» What is needed
Each record is to be written out exactly as it appears.

» Dataset entries

(* The distributive law $\zeta\colon T(\partial)\otimes_{\mathbb K}T(\chi)\to T(\chi)\otimes_{\mathbb K}T(\partial)$ descends to distributive laws of $\mathbb K$-algebras $\mathrm{Mag}\otimes_{\mathbb K}\mathrm{Braid}\to\mathrm{Braid}\otimes_{\mathbb K}\mathrm{Mag}$, $\mathrm{Simp}\otimes_{\mathbb K}\mathrm{Braid}\to\mathrm{Braid}\otimes_{\mathbb K}\mathrm{Simp}$, $\mathrm{Mag}\otimes_{\mathbb K}\mathrm{Sym}\to\mathrm{Sym}\otimes_{\mathbb K}\mathrm{Mag}$ and $\mathrm{Simp}\otimes_{\mathbb K}\mathrm{Sym}\to\mathrm{Sym}\otimes_{\mathbb K}\mathrm{Simp}$.
   Context: Let $\Bbbk$ be a field and $\mathbb{K}=\bigoplus_{n\in\mathbb N}\Bbbk1_n$ with $1_n1_m=\delta_{nm}1_n$. A faithful $\mathbb K$-bimodule is $V=\bigoplus_{n,m}V_{n,m}$ with $1_nx1_m=x$ for $x\in V_{n,m}$; $(V\otimes_{\mathbb K}W)_{n,\ell}=\bigoplus_mV_{n,m}\otimes W_{m,\ell}$. A $\mathbb K$-algebra is a faithful $\mathbb K$-bimodule with associative multiplication and unit $\mathbb K\to V$; $T(V)$ denotes the free $\mathbb K$-algebra. $\partial$ has basis $\partial^n_j\in\partial_{n+1,n}$ ($n\ge0$, $0\le j\le n$), $\chi$ has basis $\chi^n_i\in\chi_{n,n}$ ($n\ge1$, $0\le i\le n-1$). $\mathrm{Mag}=T(\partial)/\langle\partial^{n+1}_i\partial^n_j-\partial^{n+1}_{j+1}\partial^n_i:0\le i<j\le n\rangle$; $\mathrm{Simp}=T(\partial)/\langle\partial^{n+1}_i\partial^n_j-\partial^{n+1}_{j+1}\partial^n_i:0\le i\le j\le n\rangle$; $\mathrm{Braid}=T(\chi)/\langle\chi^n_i\chi^n_j-\chi^n_j\chi^n_i\ (|i-j|\ge2),\ \chi^n_i\chi^n_{i+1}\chi^n_i-\chi^n_{i+1}\chi^n_i\chi^n_{i+1}\ (0\le i\le n-2)\rangle$; $\mathrm{Sym}=\mathrm{Braid}/\langle\chi^n_i\chi^n_i-1_n\rangle$. A $\mathbb K$-bimodule map $\omega\colon\mathcal B\otimes_{\mathbb K}\mathcal A\to\mathcal A\otimes_{\mathbb K}\mathcal B$ between $\mathbb K$-algebras is a distributive law if $\omega(\mu_{\mathcal B}\otimes\mathcal A)=(\mathcal A\otimes\mu_{\mathcal B})(\omega\otimes\mathcal B)(\mathcal B\otimes\omega)$, $\omega(\mathcal B\otimes\mu_{\mathcal A})=(\mu_{\mathcal A}\otimes\mathcal B)(\mathcal A\otimes\omega)(\omega\otimes\mathcal A)$, $\omega(b\otimes1)=1\otimes b$, $\omega(1\otimes a)=a\otimes1$. $\zeta$ is the distributive law of free $\mathbb K$-algebras defined on generators by $\zeta(\partial_i^n\otimes\chi_j^n)=\chi^{n+1}_{j+1}\otimes\partial^n_i$ if $i<j$; $\chi^{n+1}_{i+1}\chi^{n+1}_i\otimes\partial^n_{i+1}$ if $i=j$; $\chi^{n+1}_{i-1}\chi^{n+1}_i\otimes\partial^n_{i-1}$ if $i=j+1$; $\chi^{n+1}_j\otimes\partial^n_i$ if $i>j+1$, extended to words by successive application. ''Descends'' means $\zeta$ induces a well-defined map between the quotient bimodules which is a distributive law. *)

From HB Require Import structures.
From mathcomp Require Import all_boot all_order all_algebra.
From mathcomp Require Import finmap.
From mathcomp.multinomials Require Import monalg.
Set Implicit Arguments. Unset Strict Implicit. Unset Printing Implicit Defensive.
Import GRing.Theory.
Local Open Scope ring_scope.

» Response to the exercise
(* The distributive law $\zeta\colon T(\partial)\otimes_{\mathbb K}T(\chi)\to T(\chi)\otimes_{\mathbb K}T(\partial)$ descends to distributive laws of $\mathbb K$-algebras $\mathrm{Mag}\otimes_{\mathbb K}\mathrm{Braid}\to\mathrm{Braid}\otimes_{\mathbb K}\mathrm{Mag}$, $\mathrm{Simp}\otimes_{\mathbb K}\mathrm{Braid}\to\mathrm{Braid}\otimes_{\mathbb K}\mathrm{Simp}$, $\mathrm{Mag}\otimes_{\mathbb K}\mathrm{Sym}\to\mathrm{Sym}\otimes_{\mathbb K}\mathrm{Mag}$ and $\mathrm{Simp}\otimes_{\mathbb K}\mathrm{Sym}\to\mathrm{Sym}\otimes_{\mathbb K}\mathrm{Simp}$.
   Context: Let $\Bbbk$ be a field and $\mathbb{K}=\bigoplus_{n\in\mathbb N}\Bbbk1_n$ with $1_n1_m=\delta_{nm}1_n$. A faithful $\mathbb K$-bimodule is $V=\bigoplus_{n,m}V_{n,m}$ with $1_nx1_m=x$ for $x\in V_{n,m}$; $(V\otimes_{\mathbb K}W)_{n,\ell}=\bigoplus_mV_{n,m}\otimes W_{m,\ell}$. A $\mathbb K$-algebra is a faithful $\mathbb K$-bimodule with associative multiplication and unit $\mathbb K\to V$; $T(V)$ denotes the free $\mathbb K$-algebra. $\partial$ has basis $\partial^n_j\in\partial_{n+1,n}$ ($n\ge0$, $0\le j\le n$), $\chi$ has basis $\chi^n_i\in\chi_{n,n}$ ($n\ge1$, $0\le i\le n-1$). $\mathrm{Mag}=T(\partial)/\langle\partial^{n+1}_i\partial^n_j-\partial^{n+1}_{j+1}\partial^n_i:0\le i<j\le n\rangle$; $\mathrm{Simp}=T(\partial)/\langle\partial^{n+1}_i\partial^n_j-\partial^{n+1}_{j+1}\partial^n_i:0\le i\le j\le n\rangle$; $\mathrm{Braid}=T(\chi)/\langle\chi^n_i\chi^n_j-\chi^n_j\chi^n_i\ (|i-j|\ge2),\ \chi^n_i\chi^n_{i+1}\chi^n_i-\chi^n_{i+1}\chi^n_i\chi^n_{i+1}\ (0\le i\le n-2)\rangle$; $\mathrm{Sym}=\mathrm{Braid}/\langle\chi^n_i\chi^n_i-1_n\rangle$. A $\mathbb K$-bimodule map $\omega\colon\mathcal B\otimes_{\mathbb K}\mathcal A\to\mathcal A\otimes_{\mathbb K}\mathcal B$ between $\mathbb K$-algebras is a distributive law if $\omega(\mu_{\mathcal B}\otimes\mathcal A)=(\mathcal A\otimes\mu_{\mathcal B})(\omega\otimes\mathcal B)(\mathcal B\otimes\omega)$, $\omega(\mathcal B\otimes\mu_{\mathcal A})=(\mu_{\mathcal A}\otimes\mathcal B)(\mathcal A\otimes\omega)(\omega\otimes\mathcal A)$, $\omega(b\otimes1)=1\otimes b$, $\omega(1\otimes a)=a\otimes1$. $\zeta$ is the distributive law of free $\mathbb K$-algebras defined on generators by $\zeta(\partial_i^n\otimes\chi_j^n)=\chi^{n+1}_{j+1}\otimes\partial^n_i$ if $i<j$; $\chi^{n+1}_{i+1}\chi^{n+1}_i\otimes\partial^n_{i+1}$ if $i=j$; $\chi^{n+1}_{i-1}\chi^{n+1}_i\otimes\partial^n_{i-1}$ if $i=j+1$; $\chi^{n+1}_j\otimes\partial^n_i$ if $i>j+1$, extended to words by successive application. ''Descends'' means $\zeta$ induces a well-defined map between the quotient bimodules which is a distributive law. *)

From HB Require Import structures.
From mathcomp Require Import all_boot all_order all_algebra.
From mathcomp Require Import finmap.
From mathcomp.multinomials Require Import monalg.
Set Implicit Arguments. Unset Strict Implicit. Unset Printing Implicit Defensive.
Import GRing.Theory.
Local Open Scope ring_scope.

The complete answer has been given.